John Dory finally turned to look at him, an appreciative look in his eyes, but there was also something there that made Branch feel like his brother was looking at him like he was a little kid that he was just trying to appease. It wasn't patronizing, it was just sad, because he knew his brother didn't think he deserved to be forgiven.
"Clay and Spruce won't." John Dory said.
"Maybe they will if you talk to them." Branch said. John Dory was shaking his head before he had even finished his sentence.
"I can't…I can't talk about this stuff with you guys." John Dory said. "I'm supposed to be the oldest. I'm supposed to be in charge and have control. How can you follow me if you know how much of a screw-up I am?"
"You talked to me." Branch pointed out. "And I'm way more willing to follow you now than I was ten minutes ago."
"That's different." John Dory said quickly. "I couldn't just let you go thinking that there's something wrong with you. I thought if you knew that I was just as broken as you, then maybe you'd be a little easier on yourself."
"We're not broken." Branch said, though sometimes he certainly felt like he was. John Dory went on, ignoring those words.
"And maybe I shouldn't have told you about Floyd, because that's his business, but I don't think he knows how bad it is." John Dory said. "And I'm hoping that if you're busy feeling bad for Floyd then you'll forget about yelling at him when we find him."
"I'm not planning on yelling at anybody." Branch said. He hesitated for a moment before he scooted closer to John Dory and slowly leaned closer to him until his head was leaning against his brother's shoulder. It wasn't really resting, it was more like hovering slightly over it. He didn't know if the contact would be welcomed.

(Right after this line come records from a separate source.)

(* Let $(G,D,\star)$ be a probabilistic metric space where $\star$ is a continuous triangle function. Then $(\Pi(G),\mathbb D,\star)$ is a completion of $G$: it is complete, $\delta:G\to\Pi(G)$ is an isometric embedding ($\mathbb D(\delta_a,\delta_b)=D(a,b)$) with dense image, and if $(X,\Lambda,\star)$ is any complete probabilistic metric space with an isometric map $\varphi:G\to X$ whose image is dense, then there is a bijective isometry $T:\Pi(G)\to X$ with $T\circ\delta=\varphi$. If moreover $(G,\cdot,D,\star)$ is an invariant probabilistic metric group, then $(\Pi(G),\odot,\mathbb D,\star)$ is its invariant probabilistic metric group completion: $\delta$ is in addition an injective group homomorphism, and if $(X,\Lambda,\star)$ is a complete invariant probabilistic metric group and $\varphi$ an isometric group homomorphism with dense image, then $T$ above is an isometric group isomorphism.
   Context: A distribution function is a nondecreasing, left-continuous function $F:[-\infty,+\infty]\to[0,1]$ with $F(-\infty)=0$, $F(+\infty)=1$; $\Delta^+$ is the set of distribution functions with $F(0)=0$, ordered pointwise (a complete lattice with maximum $\mathcal H_0$, $\mathcal H_0(t)=0$ for $t\le0$, $1$ for $t>0$). A triangle function is a binary operation $\star$ on $\Delta^+$ that is commutative, associative, nondecreasing in each argument, with $F\star\mathcal H_0=F$. $F_n\xrightarrow{w}F$ means $F_n(t)\to F(t)$ at every continuity point $t\in\mathbb R$ of $F$; $\star$ is continuous if $F_n\star L_n\xrightarrow{w}F\star L$ whenever $F_n\xrightarrow{w}F$, $L_n\xrightarrow{w}L$. A probabilistic metric space $(G,D,\star)$ consists of a set $G$, a triangle function $\star$ and $D:G\times G\to\Delta^+$ with (i) $D(p,q)=\mathcal H_0$ iff $p=q$; (ii) $D(p,q)=D(q,p)$; (iii) $D(p,q)\star D(q,r)\le D(p,r)$. If $(G,\cdot)$ is a group and $D(pr,qr)=D(rp,rq)=D(p,q)$ for all $p,q,r$, it is an invariant probabilistic metric group. A sequence $(z_n)$ is Cauchy if $D(z_n,z_p)\xrightarrow{w}\mathcal H_0$ as $n,p\to\infty$; completeness means every Cauchy sequence has a point $z$ with $D(z_n,z)\xrightarrow{w}\mathcal H_0$. A subset $S$ is dense if every point is the limit (distance $\xrightarrow{w}\mathcal H_0$) of a sequence in $S$. A map $\varphi$ is isometric if it preserves the probabilistic distances. A map $f:G\to\Delta^+$ is probabilistic $1$-Lipschitz if $D(x,y)\star f(y)\le f(x)$ for all $x,y$. $\delta_a(y)=D(y,a)$. $\Pi(G)$ is the set of probabilistic $1$-Lipschitz maps $f$ for which there is a Cauchy sequence $(a_n)\subset G$ with $D(a_n,x)\xrightarrow{w}f(x)$ for all $x$. $\mathbb D(f,g)=\sup_{x\in G}f(x)\star g(x)$ for $f,g\in\Pi(G)$. For maps $f,g:G\to\Delta^+$, $(f\odot g)(x)=\sup_{y,z\in G,\ yz=x}f(y)\star g(z)$. *)

From Stdlib Require Import Reals Lra Classical ClassicalEpsilon.
Open Scope R_scope.

Definition left_cont (f : R -> R) (t : R) : Prop :=
  forall eps, 0 < eps -> exists delta, 0 < delta /\
    forall s, t - delta < s < t -> Rabs (f s - f t) < eps.

(* An element of Delta^+, represented by its restriction to the real line
   (the values F(-oo) = 0 and F(+oo) = 1 are fixed by convention). *)
Record Dplus : Type := mkDplus {
  dfun :> R -> R;
  d_range : forall t, 0 <= dfun t <= 1;
  d_mono : forall s t, s <= t -> dfun s <= dfun t;
  d_lcont : forall t, left_cont dfun t;
  d_zero : dfun 0 = 0 }.

Definition Dle (F L : Dplus) : Prop := forall t, F t <= L t.

Definition Dbot : Dplus.
Proof.
  refine (mkDplus (fun _ => 0) _ _ _ _).
  - intros; lra.
  - intros; lra.
  - intros t eps Heps; exists 1; split; [lra|]; intros; rewrite Rminus_diag, Rabs_R0; lra.
  - reflexivity.
Defined.

Definition H0fun (t : R) : R := if Rle_dec t 0 then 0 else 1.

Definition H0 : Dplus.
Proof.
  refine (mkDplus H0fun _ _ _ _); unfold H0fun.
  - intros t; destruct (Rle_dec t 0); lra.
  - intros s t Hst; destruct (Rle_dec s 0); destruct (Rle_dec t 0); lra.
  - intros t eps Heps; destruct (Rle_dec t 0).
    + exists 1; split; [lra|]; intros s Hs; destruct (Rle_dec s 0); [|lra].
      rewrite Rminus_diag, Rabs_R0; lra.
    + exists t; split; [lra|]; intros s Hs; destruct (Rle_dec s 0); [lra|].
      rewrite Rminus_diag, Rabs_R0; lra.
  - destruct (Rle_dec 0 0); [reflexivity|lra].
Defined.

Definition D_is_lub (S : Dplus -> Prop) (F : Dplus) : Prop :=
  (forall L, S L -> Dle L F) /\ (forall U, (forall L, S L -> Dle L U) -> Dle F U).

Definition Dsup (S : Dplus -> Prop) : Dplus :=
  epsilon (inhabits Dbot) (fun F => D_is_lub S F).

Definition wconv (Fs : nat -> Dplus) (F : Dplus) : Prop :=
  forall t, continuity_pt F t -> Un_cv (fun n => Fs n t) (F t).

Definition wconv2 (Fs : nat -> nat -> Dplus) (F : Dplus) : Prop :=
  forall t, continuity_pt F t -> forall eps, eps > 0 -> exists N : nat,
    forall n p : nat, (n >= N)%nat -> (p >= N)%nat -> Rabs (Fs n p t - F t) < eps.

Definition IsTriangleFun (star : Dplus -> Dplus -> Dplus) : Prop :=
  (forall F L, star F L = star L F) /\
  (forall F L M, star F (star L M) = star (star F L) M) /\
  (forall F F' L, Dle F F' -> Dle (star F L) (star F' L)) /\
  (forall F L L', Dle L L' -> Dle (star F L) (star F L')) /\
  (forall F, star F H0 = F).

Definition ContTF (star : Dplus -> Dplus -> Dplus) : Prop :=
  forall (Fs Ls : nat -> Dplus) F L, wconv Fs F -> wconv Ls L ->
    wconv (fun n => star (Fs n) (Ls n)) (star F L).

Definition PMS (X : Type) (Dx : X -> X -> Dplus) (star : Dplus -> Dplus -> Dplus) : Prop :=
  IsTriangleFun star /\
  (forall p q, Dx p q = H0 <-> p = q) /\
  (forall p q, Dx p q = Dx q p) /\
  (forall p q r, Dle (star (Dx p q) (Dx q r)) (Dx p r)).

Definition IsGroup (X : Type) (mul : X -> X -> X) : Prop :=
  (forall x y z, mul x (mul y z) = mul (mul x y) z) /\
  exists e, (forall x, mul e x = x /\ mul x e = x) /\
            (forall x, exists y, mul x y = e /\ mul y x = e).

Definition Invariant (X : Type) (mul : X -> X -> X) (Dx : X -> X -> Dplus) : Prop :=
  forall p q r, Dx (mul p r) (mul q r) = Dx p q /\ Dx (mul r p) (mul r q) = Dx p q.

Definition IPMGroup (X : Type) (mul : X -> X -> X) (Dx : X -> X -> Dplus)
  (star : Dplus -> Dplus -> Dplus) : Prop :=
  PMS X Dx star /\ IsGroup X mul /\ Invariant X mul Dx.

Definition Cauchy (X : Type) (Dx : X -> X -> Dplus) (z : nat -> X) : Prop :=
  wconv2 (fun n p => Dx (z n) (z p)) H0.

Definition Converges (X : Type) (Dx : X -> X -> Dplus) (z : nat -> X) (x : X) : Prop :=
  wconv (fun n => Dx (z n) x) H0.

Definition Complete (X : Type) (Dx : X -> X -> Dplus) : Prop :=
  forall z, Cauchy X Dx z -> exists x, Converges X Dx z x.

Definition DenseImage (Y X : Type) (Dx : X -> X -> Dplus) (phi : Y -> X) : Prop :=
  forall x, exists a : nat -> Y, Converges X Dx (fun n => phi (a n)) x.

Definition Isometric (Y X : Type) (Dy : Y -> Y -> Dplus) (Dx : X -> X -> Dplus)
  (phi : Y -> X) : Prop :=
  forall a b, Dx (phi a) (phi b) = Dy a b.

Definition Lip1 (G : Type) (D : G -> G -> Dplus) (star : Dplus -> Dplus -> Dplus)
  (f : G -> Dplus) : Prop :=
  forall x y, Dle (star (D x y) (f y)) (f x).

Definition delta (G : Type) (D : G -> G -> Dplus) (a : G) : G -> Dplus :=
  fun y => D y a.

Definition inPi (G : Type) (D : G -> G -> Dplus) (star : Dplus -> Dplus -> Dplus)
  (f : G -> Dplus) : Prop :=
  Lip1 G D star f /\
  exists a : nat -> G, Cauchy G D a /\ forall x, wconv (fun n => D (a n) x) (f x).

Definition PiG (G : Type) (D : G -> G -> Dplus) (star : Dplus -> Dplus -> Dplus) : Type :=
  { f : G -> Dplus | inPi G D star f }.

Definition DD (G : Type) (star : Dplus -> Dplus -> Dplus) (f g : G -> Dplus) : Dplus :=
  Dsup (fun F => exists x, F = star (f x) (g x)).

Definition DPi (G : Type) (D : G -> G -> Dplus) (star : Dplus -> Dplus -> Dplus)
  (f g : PiG G D star) : Dplus :=
  DD G star (proj1_sig f) (proj1_sig g).

Definition odot (G : Type) (mul : G -> G -> G) (star : Dplus -> Dplus -> Dplus)
  (f g : G -> Dplus) : G -> Dplus :=
  fun x => Dsup (fun F => exists y z, mul y z = x /\ F = star (f y) (g z)).

Definition Bijective (A B : Type) (T : A -> B) : Prop :=
  (forall u v, T u = T v -> u = v) /\ (forall b, exists u, T u = b).

(* A Cauchy sequence (a_n) of G determines the profile f(x) = lim D(a_n, x): the
   distances between two Cauchy sequences satisfy a Cauchy-type inequality in
   Delta^+, and such families converge weakly because star is continuous.
   Along representatives, DD(f, g) = lim D(a_n, b_n), so the metric axioms, the
   isometry of delta and completeness (via a diagonal sequence) pass to Pi(G).
   The isometry onto another completion X maps f to lim phi(a_n).  In the group
   case the products a_n b_n represent f (.) g, so the group laws and the
   invariance of D pass to the limit as well. *)

From Stdlib Require Import Reals Lra Lia Classical ClassicalEpsilon FunctionalExtensionality ProofIrrelevance.
Open Scope R_scope.

Lemma Dplus_ext (F L : Dplus) : (forall t, F t = L t) -> F = L.
Proof.
  destruct F as [f f1 f2 f3 f4], L as [g g1 g2 g3 g4]; simpl; intro Hfg.
  assert (f = g) by (apply functional_extensionality; exact Hfg); subst g.
  f_equal; apply proof_irrelevance.
Qed.

Lemma Dle_refl F : Dle F F.
Proof. intro t; lra. Qed.

Lemma Dle_trans F L M : Dle F L -> Dle L M -> Dle F M.
Proof. intros H1 H2 t; specialize (H1 t); specialize (H2 t); lra. Qed.

Lemma Dle_antisym F L : Dle F L -> Dle L F -> F = L.
Proof. intros H1 H2; apply Dplus_ext; intro t; specialize (H1 t); specialize (H2 t); lra. Qed.

Lemma Dplus_ge0 (F : Dplus) t : 0 <= F t.
Proof. apply (d_range F). Qed.

Lemma Dplus_le1 (F : Dplus) t : F t <= 1.
Proof. apply (d_range F). Qed.

Lemma Dplus_mono (F : Dplus) s t : s <= t -> F s <= F t.
Proof. apply d_mono. Qed.

Lemma Dplus_nonpos (F : Dplus) t : t <= 0 -> F t = 0.
Proof.
  intro Ht; pose proof (Dplus_mono F _ _ Ht); pose proof (Dplus_ge0 F t).
  rewrite d_zero in *; lra.
Qed.

Lemma H0_pos t : 0 < t -> H0 t = 1.
Proof. intro Ht; change (H0fun t = 1); unfold H0fun; destruct (Rle_dec t 0); lra. Qed.

Lemma Dle_H0 F : Dle F H0.
Proof.
  intro t; destruct (Rle_dec t 0) as [Ht|Ht].
  - rewrite !Dplus_nonpos by exact Ht; lra.
  - rewrite H0_pos by lra; apply Dplus_le1.
Qed.

Definition cont_at (f : R -> R) (c : R) : Prop :=
  forall eps, 0 < eps -> exists del, 0 < del /\
    forall s, Rabs (s - c) < del -> Rabs (f s - f c) < eps.

Lemma continuity_pt_cont_at f c : continuity_pt f c <-> cont_at f c.
Proof.
  split; intros Hf eps Heps; destruct (Hf eps Heps) as [d [Hd Hs]]; exists d; split; auto.
  - intros s Hsc; destruct (Req_dec c s) as [<-|Hne].
    + rewrite Rminus_diag, Rabs_R0; lra.
    + apply (Hs s); split; [split; [exact I|exact Hne]|exact Hsc].
  - intros x [_ Hx]; apply Hs; exact Hx.
Qed.

Lemma H0_cont_at t : 0 < t -> cont_at H0 t.
Proof.
  intros Ht e He; exists t; split; auto; intros s Hs.
  apply Rabs_def2 in Hs; rewrite !H0_pos by lra; rewrite Rminus_diag, Rabs_R0; lra.
Qed.

(** * Suprema in Delta^+ *)

Section Supremum.
Variable S : Dplus -> Prop.

Definition sup_values (t x : R) : Prop := x = 0 \/ exists F, S F /\ x = F t.

Lemma sup_values_bound t : bound (sup_values t).
Proof. exists 1; intros x [->|[F [_ ->]]]; [lra|apply Dplus_le1]. Qed.

Lemma sup_values_inhabited t : exists x, sup_values t x.
Proof. exists 0; left; reflexivity. Qed.

Definition psup (t : R) : R :=
  proj1_sig (completeness _ (sup_values_bound t) (sup_values_inhabited t)).

Lemma psup_is_lub t : is_lub (sup_values t) (psup t).
Proof. unfold psup; destruct completeness; assumption. Qed.

Lemma psup_ub t x : sup_values t x -> x <= psup t.
Proof. apply psup_is_lub. Qed.

Lemma psup_least t M : (forall x, sup_values t x -> x <= M) -> psup t <= M.
Proof. intro HM; apply psup_is_lub; exact HM. Qed.

Lemma psup_ge0 t : 0 <= psup t.
Proof. apply psup_ub; left; reflexivity. Qed.

Lemma psup_ge t F : S F -> F t <= psup t.
Proof. intro HF; apply psup_ub; right; eauto. Qed.

Lemma psup_approx t eps : 0 < eps -> exists x, sup_values t x /\ psup t - eps < x.
Proof.
  intro He; apply NNPP; intro Hn.
  enough (psup t <= psup t - eps) by lra.
  apply psup_least; intros x Hx; apply Rnot_lt_le; intro; apply Hn; eauto.
Qed.

Lemma psup_mono s t : s <= t -> psup s <= psup t.
Proof.
  intro Hst; apply psup_least; intros x [->|[F [HF ->]]].
  - apply psup_ge0.
  - apply Rle_trans with (F t); [apply Dplus_mono; exact Hst|apply psup_ge; exact HF].
Qed.

Lemma psup_left_cont t : left_cont psup t.
Proof.
  intros eps Heps.
  destruct (psup_approx t (eps/2)) as [x [[->|[F [HF ->]]] Hx]]; [lra| |].
  - exists 1; split; [lra|]; intros s Hs.
    pose proof (psup_mono s t ltac:(lra)); pose proof (psup_ge0 s).
    rewrite Rabs_left1; lra.
  - destruct (d_lcont F t (eps/2) ltac:(lra)) as [d [Hd Hs]].
    exists d; split; auto; intros s Hs'; specialize (Hs s Hs').
    pose proof (psup_ge s F HF); pose proof (psup_mono s t ltac:(lra)).
    apply Rabs_def2 in Hs; apply Rabs_def1; lra.
Qed.

Definition PsupD : Dplus.
Proof.
  refine (mkDplus psup _ psup_mono psup_left_cont _).
  - intro t; split; [apply psup_ge0|].
    apply psup_least; intros x [->|[F [_ ->]]]; [lra|apply Dplus_le1].
  - apply Rle_antisym; [|apply psup_ge0].
    apply psup_least; intros x [->|[F [_ ->]]]; [lra|rewrite d_zero; lra].
Defined.

Lemma PsupD_lub : D_is_lub S PsupD.
Proof.
  split.
  - intros L HL t; apply psup_ge; exact HL.
  - intros U HU t; apply psup_least; intros x [->|[F [HF ->]]]; [apply Dplus_ge0|apply HU; exact HF].
Qed.

Lemma Dsup_lub : D_is_lub S (Dsup S).
Proof. unfold Dsup; apply epsilon_spec; exists PsupD; apply PsupD_lub. Qed.

Lemma Dsup_ub F : S F -> Dle F (Dsup S).
Proof. apply Dsup_lub. Qed.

John Dory stiffened and seemed to be holding his breath. Branch was just starting to panic, thinking he had done something incredibly wrong, when John Dory slowly moved his arm and wrapped it around his shoulders, pulling him closer. Branch breathed a sigh of relief and let himself relax as he truly leaned against his brother.
"Maybe you shouldn't have told me." Branch admitted reluctantly, because they both knew it wasn't his place. "But I'm glad you did." He nuzzled against his older brother. "I'm glad I know about Floyd. And I'm really happy that I know about you." It was harder to stay angry at someone when they knew where they had gone wrong and were beating themselves up about it more than you were.

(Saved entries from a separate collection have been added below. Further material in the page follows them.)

(* Let $w \in S_n$ with Lehmer code $L(w) = (L_1,\dots,L_n)$. If there is an index $i$ with $L_i - L_{i+1} \ge 2$, then the Schubert polynomial $\mathfrak{S}_w$ is not a standard elementary monomial.
   Context: The Lehmer code of $w$ is given by $L_i = |\{j > i : w(j) < w(i)\}|$. $e^i_j$ is the elementary symmetric polynomial of degree $j$ in $x_1,\dots,x_i$; a standard elementary monomial is a product $e^1_{a_1}e^2_{a_2}\cdots$ with nonnegative integers $a_i$, finitely many nonzero. Schubert polynomials: $\mathfrak{S}_{w_0} = x_1^{n-1}\cdots x_{n-1}$ for the longest $w_0 \in S_n$, and $\partial_i\mathfrak{S}_w = \mathfrak{S}_{ws_i}$ if $\ell(ws_i)=\ell(w)-1$, $0$ otherwise, where $\partial_i f = (f-s_if)/(x_i-x_{i+1})$. *)

From HB Require Import structures.
From mathcomp Require Import all_boot all_order all_algebra all_fingroup.
From mathcomp Require Import mpoly.
Set Implicit Arguments. Unset Strict Implicit. Unset Printing Implicit Defensive.
Import GRing.Theory.
Local Open Scope ring_scope.

(* Variables x_1..x_n are 'X_0 .. 'X_(n-1) (0-indexed). Coefficients in int. *)

Definition lehmer n (w : 'S_n) (i : 'I_n) : nat :=
  #|[set j : 'I_n | (i < j)%N && (w j < w i)%N]|.

Definition perm_length n (w : 'S_n) : nat :=
  #|[set p : 'I_n * 'I_n | (p.1 < p.2)%N && (w p.2 < w p.1)%N]|.

Definition simple_tr n (i : nat) (hi : (i.+1 < n)%N) : 'S_n :=
  tperm (Ordinal (ltnW hi)) (Ordinal hi).

(* composition w s_i as functions: x |-> w (s_i x); in MathComp's
   perm group, (s * t) x = t (s x), so this is s_i * w. *)
Definition mul_s n (w : 'S_n) (i : nat) (hi : (i.+1 < n)%N) : 'S_n :=
  (simple_tr hi * w)%g.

Branch didn't mean to start dozing, but it had been a long past couple of days. He was exhausted, and curled up against his brother he felt safer than he had in a while.
John Dory wrapped his hair around Branch's shoulders, which really wasn't fair. Branch couldn't remember the last time he had been wrapped up in someone's hair in this protective way.
"Get some sleep, baby bro." John Dory said. "I'll keep watch."
"Not a baby." Branch muttered. John Dory chuckled slightly.
"Okay, Branch." John Dory said. He sounded mostly sincere, but there was still that little bit of a patronizing tone. Branch wanted to fight him on it, but he was tired. So instead of arguing he just pouted and let his eyes slip closed as he drifted off.